We will just have to disagree on this point.

I literally cannot find a single topic on meta asking for likes to be disabled. That’s strange in 4 years of public feedback. Try searching yourself; maybe I missed something.

Just curious, but why don’t you allow likes to be toggled on or off? Why are they so important?

You can simply delete like from the available post actions in the site settings, so what you are saying isn’t even correct.

Press the X on like there.

As to why likes matter, it’s because the concept of empathy is central to discussion. At least the kind that does not break down into the howling of wolves…

Ok, sorry. I didn’t know that. How do I get to that setting so I can turn it off on my view?

Have @stusser build a user theme with likes hidden. It’s about 5 minutes of work, tops. Assuming you know basic CSS.

I think you hit on the main point here. I love Discourse. It is flexible, powerful, and easy to use. Because of that, it is suitable for deployment in some situations that are not discussion oriented.

For example, we are using it as a metadata archive where every topic follows an data source or article (oft created through the API) and includes all of the metadata about the data source. There are tens of thousands of these data sources. Often, they also are uploaded to the first post and subsequent posts may contain updates. We use categories and tags to organize the data sources. Only three people post to this instance of Discourse, keeping things organized. Hundreds of people use the search features and tag system for discovery of resources relevant to their research. One category has a mail-in address where the people who don’t post can send an email to request additional data, etc.

The beauty is that Discourse works perfectly for this, almost completely unmodified. It solves a problem for this group of researchers that they have struggled with for a long time.

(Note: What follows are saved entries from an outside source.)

(* Let $\mathcal{G}\subseteq C(\mathbb{R},\mathbb{R})$ be nonempty. The following conditions are equivalent: (1) $\{\mathrm{CL}(E):E\in\mathrm{CL}(\mathbb{R})\}\subseteq\mathcal{K}_\mathcal{G}$; (2) the least element of $(\mathcal{K}_\mathcal{G},\subseteq)$ is $\{\emptyset\}$; (3) for each $x\in\mathbb{R}$, $\mathcal{G}[x]\neq\mathbb{R}$.
   Context: For a closed set $E\subseteq\mathbb{R}$, $\mathrm{CL}(E)$ denotes the family of all closed subsets of $E$; $C(\mathbb{R},\mathbb{R})$ is the set of continuous functions $\mathbb{R}\to\mathbb{R}$. For $\mathcal{G}\subseteq C(\mathbb{R},\mathbb{R})$ and $x\in\mathbb{R}$, $\mathcal{G}[x]=\{g(x):g\in\mathcal{G}\}$. Let $R_\mathcal{G}=\{(f,E)\in C(\mathbb{R},\mathbb{R})\times\mathrm{CL}(\mathbb{R}):(\exists g\in\mathcal{G})\, f\restriction E=g\restriction E\}$; for $\mathcal{F}\subseteq C(\mathbb{R},\mathbb{R})$ put $E_\mathcal{G}(\mathcal{F})=\{E\in\mathrm{CL}(\mathbb{R}):(\forall f\in\mathcal{F})\,(f,E)\in R_\mathcal{G}\}$, and let $\mathcal{K}_\mathcal{G}=\{E_\mathcal{G}(\mathcal{F}):\mathcal{F}\subseteq C(\mathbb{R},\mathbb{R})\}$, ordered by inclusion (a complete lattice). *)

From mathcomp Require Import all_boot all_order all_algebra.
From mathcomp Require Import all_classical all_reals all_analysis.
Set Implicit Arguments. Unset Strict Implicit. Unset Printing Implicit Defensive.
Import Order.TTheory GRing.Theory Num.Theory.
Local Open Scope classical_set_scope.
Local Open Scope ring_scope.
Import numFieldNormedType.Exports.

Definition Cont (R : realType) : set (R -> R) := [set f : R -> R | continuous (f : R -> R)].

Definition CL (R : realType) (E : set R) : set (set R) :=
  [set F | closed F /\ F `<=` E].

Definition RG (R : realType) (G : set (R -> R)) (f : R -> R) (E : set R) : Prop :=
  @Cont R f /\ @CL R setT E /\ exists2 g, G g & (forall x, E x -> f x = g x).

Definition EG (R : realType) (G : set (R -> R)) (F : set (R -> R)) : set (set R) :=
  [set E | @CL R setT E /\ forall f, F f -> RG G f E].

Definition KG (R : realType) (G : set (R -> R)) : set (set (set R)) :=
  [set K | exists2 F, F `<=` @Cont R & K = EG G F].

Definition Gat (R : realType) (G : set (R -> R)) (x : R) : set R :=
  [set g x | g in G].

(* The empty set lies in every E_G(F) because G is nonempty, so {∅} is below
   every member of K_G.  If G[x] = R for some x, every continuous f agrees with
   some g ∈ G on {x}, so {x} lies in every E_G(F) and {∅} ∉ K_G.  Conversely, if
   no G[x] is all of R, fix g0 ∈ G and let F_E be the continuous functions equal
   to g0 on E that take, at some point off E, a value taken there by no g ∈ G.
   Then E_G(F_E) = CL(E): a closed D containing a point y ∉ E is excluded by the
   Urysohn interpolant between g0 on E and such a value at y.  Finally
   CL(∅) = {∅}. *)

From mathcomp Require Import all_boot all_order all_algebra.
From mathcomp Require Import all_classical all_reals all_analysis.
Import GRing.Theory.
Import numFieldNormedType.Exports.
Local Open Scope classical_set_scope.
Local Open Scope ring_scope.

Lemma continuous_interpolate_off_closed {T : uniformType} {R : realType}
    (E : set T) (y : T) (g : T -> R) (c : R) :
  closed E -> ~ E y -> continuous g ->
  exists2 h : T -> R, continuous h & (forall z, E z -> h z = g z) /\ h y = c.
Proof.
move=> cE Ey cg.
have [f [cf _ f0 f1]] :=
  (@uniform_separatorP T R _ _).1 (@point_uniform_separator R T _ _ cE Ey).
exists (fun z => f z * g z + (1 - f z) * c).
  move=> z; apply: (@continuousD R R^o T (fun z => f z * g z)
                                           (fun z => (1 - f z) * c)).
  - exact: continuousM (cf z) (cg z).
  - apply: (@continuousM R T (fun z => 1 - f z) (fun=> c) z).
      by apply: (@continuousB R R^o T (fun=> 1) f z); [exact: cst_continuous|exact: cf].
    exact: cst_continuous.
split=> [z Ez|].
- by rewrite (imsub1 f1) // mul1r subrr mul0r addr0.
- by rewrite (imsub1 f0) // mul0r subr0 mul1r add0r.
Qed.

Local Close Scope ring_scope.

Section EG_lattice.
Variables (R : realType) (G : set (R -> R)).

Lemma CL_set0 : @CL R set0 = [set set0].
Proof.
apply/seteqP; split=> [D [_ D0]|D ->]; first by rewrite /= -subset0.
by split; [exact: closed0|].
Qed.

Lemma EG_set0 (F : set (R -> R)) : G !=set0 -> F `<=` @Cont R -> EG G F set0.
Proof.
move=> [g0 Gg0] FC; split; first by split; [exact: closed0|].
by move=> f Ff; split; [exact: FC|split; [split; [exact: closed0|]|exists g0]].
Qed.

Lemma set0_le_KG (K : set (set R)) :
  G !=set0 -> KG G K -> [set set0] `<=` K.
Proof. by move=> G0 [F FC ->] D ->; exact: EG_set0. Qed.

Lemma EG_set1 (F : set (R -> R)) (x : R) :
  Gat G x = setT -> F `<=` @Cont R -> EG G F [set x].
Proof.
have cx : @CL R setT [set x].
  by split; [exact/accessible_closed_set1/hausdorff_accessible/Rhausdorff|].
move=> Gx FC; split=> // f Ff; split; [exact: FC|split=> //].
have : Gat G x (f x) by rewrite Gx.
by case=> g Gg gx; exists g => // z ->.
Qed.

Lemma KG_set0_Gat (x : R) : KG G [set set0] -> Gat G x <> setT.
Proof.
case=> F FC EF0 Gx.
have : [set set0] [set x] by rewrite EF0; exact: EG_set1.
by move/seteqP => [/(_ x erefl)].
Qed.

Definition leaving_G (g0 : R -> R) (E : set R) : set (R -> R) :=
  [set f | @Cont R f /\ (forall z, E z -> f z = g0 z) /\
           exists2 x, ~ E x & ~ Gat G x (f x)].

Lemma EG_leaving_G (g0 : R -> R) (E : set R) :
  G `<=` @Cont R -> G g0 -> (forall x, Gat G x <> setT) -> closed E ->
  EG G (leaving_G g0 E) = @CL R E.
Proof.
move=> GC Gg0 GxT cE; apply/seteqP; split=> [D [[cD _] DG]|D [cD DE]].
  split=> // y Dy; apply: contrapT => Ey.
  have [c Gyc] : exists c, ~ Gat G y c.
    apply: contrapT => allc; apply: (GxT y); apply/seteqP; split=> // c _.
    by apply: contrapT => Gyc; apply: allc; exists c.
  have [f cf [fE fy]] :=
    continuous_interpolate_off_closed _ _ _ c cE Ey (GC _ Gg0).
  have [_ [_ [g Gg fg]]] : RG G f D.
    by apply: DG; split=> //; split=> //; exists y; rewrite ?fy.
  by apply: Gyc; exists g => //; rewrite -fy fg.
split; first by split.
move=> f [cf [fE _]]; split=> //; split; first by split.
by exists g0 => // z Dz; apply/fE/DE.
Qed.

Lemma KG_CL (E : set R) :
  G `<=` @Cont R -> G !=set0 -> (forall x, Gat G x <> setT) -> closed E ->
  KG G (@CL R E).
Proof.
move=> GC [g0 Gg0] GxT cE; exists (leaving_G g0 E); first by move=> f [].
by rewrite EG_leaving_G.
Qed.

End EG_lattice.

Theorem theorem3p2 (R : realType) (G : set (R -> R)) :
  G `<=` @Cont R -> G !=set0 ->
  ( (forall E : set R, closed (E : set R) -> KG G (@CL R E)) <->
    (KG G [set set0] /\ (forall K, KG G K -> [set set0] `<=` K)) ) /\
  ( (KG G [set set0] /\ (forall K, KG G K -> [set set0] `<=` K)) <->
    (forall x : R, Gat G x <> setT) ).
Proof.
move=> GC G0.
have KG_set0 : (forall E, closed E -> KG G (@CL R E)) -> KG G [set set0].
  by move=> CL_in; have := CL_in set0 closed0; rewrite CL_set0.
have least K : KG G K -> [set set0] `<=` K by exact: set0_le_KG.
split; split.
- by move=> CL_in; split; [exact: KG_set0|exact: least].
- by move=> [KG0 _] E; apply: KG_CL => // x; exact: KG_set0_Gat.
- by move=> [KG0 _] x; exact: KG_set0_Gat.
- by move=> GxT; split; [apply: KG_set0 => E; exact: KG_CL|exact: least].
Qed.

However, there is no discussion on the site. Likes there are an artifact of the opinionated intention of the software. They are unnecessary, would never be used, and would raise questions about whether the platform is suitable for the deployment purpose. Furthermore, we actively do not want any type of algorithm providing preference to content. We want it all to be considered equal, allowing the subject matter experts to form their own opinions without the bias of likes.

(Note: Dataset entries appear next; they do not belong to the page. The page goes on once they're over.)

(* The family $\mathcal S$ of SIP sets is not a filterdual; that is, there exist sets $A_1,A_2\subset\mathbb N$ such that $A_1\cup A_2$ is an SIP set but neither $A_1$ nor $A_2$ is an SIP set.
   Context: $\mathbb N=\{1,2,\dots\}$. For a finite set $F\subset\mathbb Z$, $\sigma_F$ is the sum of its elements ($\sigma_\emptyset=0$). For $A\subset\mathbb Z$: $IP(A)=\{\sigma_F:F\subset A\text{ finite}\}$ and $SIP(A)=\{a-b:a,b\in IP(A)\}$. A set $B\subset\mathbb N$ is an SIP set if there exists an infinite $A\subset\mathbb N$ with $SIP(A)\cap\mathbb N\subset B$. A family $\mathcal F$ of subsets of $\mathbb N$ (closed under taking supersets) is a filterdual if $A_1\cup A_2\in\mathcal F$ implies $A_1\in\mathcal F$ or $A_2\in\mathcal F$. *)

(* Subsets of Z (and of N = {1,2,...} viewed inside Z) are predicates Z -> Prop. *)
From Stdlib Require Import ZArith List.
Import ListNotations.
Open Scope Z_scope.

Definition subset_N (B : Z -> Prop) : Prop := forall x, B x -> 0 < x.

(* sigma_F for a finite set F given by a duplicate-free list *)
Definition sigma (F : list Z) : Z := fold_right Z.add 0 F.

(* IP(A) = { sigma_F : F subset A finite } (F = empty allowed, giving 0) *)
Definition IP (A : Z -> Prop) (x : Z) : Prop :=
  exists F : list Z, NoDup F /\ (forall y, In y F -> A y) /\ x = sigma F.

Definition SIP (A : Z -> Prop) (x : Z) : Prop :=
  exists a b, IP A a /\ IP A b /\ x = a - b.

Definition infinite_set (A : Z -> Prop) : Prop :=
  forall n : Z, exists x, A x /\ n < x.

Definition SIP_set (B : Z -> Prop) : Prop :=
  exists A : Z -> Prop, subset_N A /\ infinite_set A /\
    (forall x, SIP A x -> 0 < x -> B x).

(** Colour [n = 2^v m] ([m] odd) by the parity of [v] xor [m ≡ 3 (mod 4)].
    The two colour classes partition [N], which is trivially an SIP set.
    If [x < y] lie in a set [A] with [SIP(A) ∩ N] monochromatic, then [x], [y],
    [x + y], [y - x] share a colour; comparing colours forces the 2-adic
    valuation of [y] to be at most that of [x], and when they agree the odd
    parts differ by 4 mod 8.  An infinite [A] then contains three elements of
    equal valuation whose odd parts pairwise differ by 4 mod 8, which is
    impossible since 4 + 4 ≢ 4 (mod 8). *)

From Stdlib Require Import ZArith List Lia.
Import ListNotations.
Open Scope Z_scope.

Ltac zlia := Z.div_mod_to_equations; lia.

Fixpoint pos_val2 (p : positive) : nat :=
  match p with xO q => S (pos_val2 q) | _ => O end.

Fixpoint pos_odd_part (p : positive) : positive :=
  match p with xO q => pos_odd_part q | _ => p end.

Definition val2 (n : Z) : nat :=
  match n with Zpos p => pos_val2 p | _ => O end.

Definition odd_part (n : Z) : Z :=
  match n with Zpos p => Zpos (pos_odd_part p) | _ => n end.

Definition colour (n : Z) : bool :=
  xorb (Nat.odd (val2 n)) (odd_part n mod 4 =? 3).

Definition colour_class (c : bool) (n : Z) : Prop := 0 < n /\ colour n = c.

Lemma odd_part_spec (n : Z) :
  0 < n -> 0 < odd_part n /\ odd_part n mod 2 = 1 /\ n = 2 ^ Z.of_nat (val2 n) * odd_part n.
Proof.
  destruct n as [|p|p]; try lia; intros _; cbn [val2 odd_part].
  induction p as [q _|q IHq|]; cbn [pos_val2 pos_odd_part].
  - rewrite Pos2Z.inj_xI; zlia.
  - destruct IHq as (Hpos & Hodd & Hq).
    change (Z.pos q~0) with (2 * Z.pos q).
    rewrite Nat2Z.inj_succ, Z.pow_succ_r, Hq by lia.
    repeat split; trivial; ring.
  - repeat split; reflexivity.
Qed.

Lemma val2_pow2_mul (a : nat) (r : Z) :
  0 < r -> r mod 2 = 1 -> val2 (2 ^ Z.of_nat a * r) = a /\ odd_part (2 ^ Z.of_nat a * r) = r.
Proof.
  intros Hr Hodd; induction a as [|a [IHv IHo]].
  - rewrite Z.mul_1_l.
    destruct r as [|[q|q|]|]; try lia; try (split; reflexivity).
    change (Z.pos q~0) with (2 * Z.pos q) in Hodd; zlia.
  - rewrite Nat2Z.inj_succ, Z.pow_succ_r, <- Z.mul_assoc by lia.
    assert (Hpos : 0 < 2 ^ Z.of_nat a * r) by (apply Z.mul_pos_pos; lia).
    destruct (2 ^ Z.of_nat a * r) as [|q|q]; try lia.
    split; [simpl in *; congruence | exact IHo].
Qed.

Lemma colour_pow2_mul (a : nat) (r : Z) :
  0 < r -> r mod 2 = 1 -> colour (2 ^ Z.of_nat a * r) = xorb (Nat.odd a) (r mod 4 =? 3).
Proof.
  intros Hr Hodd; unfold colour.
  destruct (val2_pow2_mul a r Hr Hodd) as [-> ->]; reflexivity.
Qed.

Lemma colour_pow2_mul_shift2 (a : nat) (p q : Z) :
  0 < p -> p mod 2 = 1 -> 0 < q -> q mod 4 = (p + 2) mod 4 ->
  colour (2 ^ Z.of_nat a * q) <> colour (2 ^ Z.of_nat a * p).
Proof.
  intros Hp Hpodd Hq Hpq.
  rewrite !colour_pow2_mul by (trivial; zlia).
  destruct (Z.eqb_spec (p mod 4) 3), (Z.eqb_spec (q mod 4) 3), (Nat.odd a);
    try zlia; discriminate.
Qed.

Section MonochromaticPair.

Variables (x y : Z).
Hypotheses (Hx : 0 < x) (Hxy : x < y).
Hypotheses (Hy_col : colour y = colour x) (Hsum_col : colour (x + y) = colour x)
  (Hdiff_col : colour (y - x) = colour x).

Lemma monochromatic_pair_val2_le : (val2 y <= val2 x)%nat.
Proof.
  destruct (odd_part_spec x Hx) as (Hp & Hpodd & Ex).
  destruct (odd_part_spec y ltac:(lia)) as (Hq & Hqodd & Ey).
  set (a := val2 x) in *; set (b := val2 y) in *.
  set (p := odd_part x) in *; set (q := odd_part y) in *.
  assert (Ha : 0 < 2 ^ Z.of_nat a) by (apply Z.pow_pos_nonneg; lia).
  destruct (Nat.le_gt_cases b a) as [|Hab]; trivial; exfalso.
  destruct (Nat.eq_dec b (S a)) as [Hb|Hb].
  - (* [x + y = 2^a (p + 2q)] and [p + 2q ≡ p + 2 (mod 4)] *)
    assert (Hsum : x + y = 2 ^ Z.of_nat a * (p + 2 * q)).
    { rewrite Ex, Ey, Hb, Nat2Z.inj_succ, Z.pow_succ_r by lia; ring. }
    apply (colour_pow2_mul_shift2 a p (p + 2 * q)); try zlia.
    rewrite <- Hsum, <- Ex; exact Hsum_col.
  - (* [y - x = 2^a (4K - p)] and [4K - p ≡ p + 2 (mod 4)] *)
    set (K := 2 ^ Z.of_nat (b - S (S a)) * q).
    assert (Hdiff : y - x = 2 ^ Z.of_nat a * (4 * K - p)).
    { replace b with (a + 2 + (b - S (S a)))%nat in Ey by lia.
      rewrite Ex, Ey, !Nat2Z.inj_add, !Z.pow_add_r by lia; unfold K.
      change (2 ^ Z.of_nat 2) with 4; ring. }
    apply (colour_pow2_mul_shift2 a p (4 * K - p)); try zlia.
    + nia.
    + rewrite <- Hdiff, <- Ex; exact Hdiff_col.
Qed.

Lemma monochromatic_pair_odd_part :
  val2 y = val2 x -> (odd_part x - odd_part y) mod 8 = 4.
Proof.
  intros Hab.
  destruct (odd_part_spec x Hx) as (Hp & Hpodd & Ex).
  destruct (odd_part_spec y ltac:(lia)) as (Hq & Hqodd & Ey).
  rewrite Hab in Ey.
  set (a := val2 x) in *; set (p := odd_part x) in *; set (q := odd_part y) in *.
  assert (Hpq : p mod 4 = q mod 4).
  { destruct (Z.eq_dec (p mod 4) (q mod 4)) as [|Hne]; trivial; exfalso.
    apply (colour_pow2_mul_shift2 a p q); try zlia.
    rewrite <- Ey, <- Ex; exact Hy_col. }
  destruct (Z.eq_dec ((p - q) mod 8) 4) as [|Hne]; trivial; exfalso.
  (* otherwise [x + y = 2^(a+1) m] with odd [m = (p + q)/2 ≡ p (mod 4)] *)
  set (m := (p + q) / 2).
  assert (Hm : p + q = 2 * m) by (unfold m; zlia).
  clearbody m.
  assert (Hsum : x + y = 2 ^ Z.of_nat (S a) * m).
  { rewrite Ex, Ey, Nat2Z.inj_succ, Z.pow_succ_r, <- Z.mul_add_distr_l, Hm by lia.
    ring. }
  rewrite Hsum, Ex, !colour_pow2_mul, Nat.odd_succ, <- Nat.negb_odd in Hsum_col
    by zlia.
  destruct (Z.eqb_spec (p mod 4) 3), (Z.eqb_spec (m mod 4) 3), (Nat.odd a);
    try zlia; discriminate.
Qed.

End MonochromaticPair.

Lemma no_infinite_descent (A : Z -> Prop) (v : Z -> nat) (r : Z -> Z) :
  infinite_set A ->
  (forall x y, A x -> A y -> x < y ->
     (v y <= v x)%nat /\ (v y = v x -> (r x - r y) mod 8 = 4)) ->
  False.
Proof.
  intros Hinf Hstep.
  assert (Hbound : forall n x, A x -> (v x < n)%nat -> False).
  { induction n as [|n IHn]; intros x Ax Hx; [lia|].
    destruct (Hinf x) as (y & Ay & Hxy).
    destruct (Hstep x y Ax Ay Hxy) as [Hyx Hxy_mod].
    destruct (Nat.eq_dec (v y) (v x)) as [Eyx|]; [|apply (IHn y); trivial; lia].
    destruct (Hinf y) as (z & Az & Hyz).
    destruct (Hstep y z Ay Az Hyz) as [Hzy Hyz_mod].
    destruct (Nat.eq_dec (v z) (v y)) as [Ezy|]; [|apply (IHn z); trivial; lia].
    destruct (Hstep x z Ax Az ltac:(lia)) as [_ Hxz_mod].
    specialize (Hxy_mod Eyx); specialize (Hyz_mod Ezy);
      specialize (Hxz_mod ltac:(lia)); zlia. }
  destruct (Hinf 0) as (x & Ax & _).
  exact (Hbound (S (v x)) x Ax (Nat.lt_succ_diag_r _)).
Qed.

Lemma IP_nil (A : Z -> Prop) : IP A 0.
Proof. exists []; repeat split; [constructor | intros y []]. Qed.

Lemma IP_singleton (A : Z -> Prop) (x : Z) : A x -> IP A x.
Proof.
  intros Ax; exists [x]; repeat split.
  - repeat constructor; intros [].
  - intros y [<-|[]]; exact Ax.
  - simpl; ring.
Qed.

Lemma IP_pair (A : Z -> Prop) (x y : Z) : A x -> A y -> x <> y -> IP A (x + y).
Proof.
  intros Ax Ay Hxy; exists [x; y]; repeat split.
  - repeat constructor; simpl; intuition.
  - intros z [<-|[<-|[]]]; trivial.
  - simpl; ring.
Qed.

Lemma SIP_of_IP (A : Z -> Prop) (x : Z) : IP A x -> SIP A x.
Proof. intros Hx; exists x, 0; repeat split; trivial; [apply IP_nil | ring]. Qed.

Lemma SIP_sub (A : Z -> Prop) (x y : Z) : A x -> A y -> SIP A (y - x).
Proof. intros Ax Ay; exists y, x; repeat split; apply IP_singleton; trivial. Qed.

Lemma SIP_set_pair (B : Z -> Prop) (A : Z -> Prop) (x y : Z) :
  subset_N A -> (forall n, SIP A n -> 0 < n -> B n) -> A x -> A y -> x < y ->
  B x /\ B y /\ B (x + y) /\ B (y - x).
Proof.
  intros HA HB Ax Ay Hxy.
  pose proof (HA x Ax); pose proof (HA y Ay).
  repeat split; apply HB; try lia.
  - apply SIP_of_IP, IP_singleton; trivial.
  - apply SIP_of_IP, IP_singleton; trivial.
  - apply SIP_of_IP, IP_pair; trivial; lia.
  - apply SIP_sub; trivial.
Qed.

Lemma colour_class_not_SIP_set (c : bool) : ~ SIP_set (colour_class c).
Proof.
  intros (A & HA & Hinf & HB).
  apply (no_infinite_descent A val2 odd_part Hinf).
  intros x y Ax Ay Hxy.
  destruct (SIP_set_pair _ A x y HA HB Ax Ay Hxy)
    as ([Hx Cx] & [_ Cy] & [_ Csum] & [_ Cdiff]).
  split.
  - apply monochromatic_pair_val2_le; congruence.
  - apply monochromatic_pair_odd_part; congruence.
Qed.

Lemma positives_SIP_set : SIP_set (fun n => 0 < n).
Proof.
  exists (fun n => 0 < n); repeat split.
  - intros n Hn; exact Hn.
  - intros n; exists (Z.abs n + 1); lia.
  - intros n _ Hn; exact Hn.
Qed.

Theorem theorem3p5 :
  exists A1 A2 : Z -> Prop,
    subset_N A1 /\ subset_N A2 /\
    SIP_set (fun x => A1 x \/ A2 x) /\ ~ SIP_set A1 /\ ~ SIP_set A2.
Proof.
  exists (colour_class false), (colour_class true); repeat split.
  - intros n [Hn _]; exact Hn.
  - intros n [Hn _]; exact Hn.
  - destruct positives_SIP_set as (A & HA & Hinf & HB).
    exists A; repeat split; trivial.
    intros n Hsip Hn; specialize (HB n Hsip Hn).
    destruct (colour n) eqn:E; [right | left]; split; trivial.
  - apply colour_class_not_SIP_set.
  - apply colour_class_not_SIP_set.
Qed.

In your mind, this is a super niche deployment. Yep, it is. It doesn’t necessarily have to be, though. I would argue that you could make a pitch for the platform being useful it a variety of more flexible situations and not just for discussion (as you already do, for support boards, etc). I could see a situation where one discussion-oriented category in this deployment allows likes but the primary archival/metadata categories disallow them.

None of this makes me angry or anything. I know how to turn them off and already have done so. All I’m suggesting is that the power to turn them off has now been useful to me both here at Qt3 and on another (unusual) deployment. If you take a step back and consider there may be others with ideas about alternative types of deployments, I think you’ll find that turning likes off gives power to admins that could lead to additional creative uses of your platform. How is that a bad thing?

I’d like to be able to fullscreen embedded YouTube videos on mobile without Discourse immediately overriding it.

That’s a bug. I had a fix for it in the past but it didn’t last long. YouTube handles video fullscreens weird.

Hmm yeah I suggest middle clicking the video (long tap on mobile) to open in a new tab as a workaround.

You’re using Discourse as a database? :P

It’s works well for the purpose, has all the features we need, and is secure. Why reinvent the wheel?

I would like the ability to set a user preference to increase the size of the loaded window of posts by at least an order or magnitude if I’m on a desktop computer. (A phone too if it didn’t mess up performance.)

Very often I want to jump to a post or word I saw recently and on other forums I can do this with a quick in-page search. It’s incredibly fast. Now it requires either doing a full thread search which takes longer and doesn’t default to newest first so requires fiddling and clicking, or spamming my mouse or page-up keys to force more posts to be loaded at once and then doing an in page search.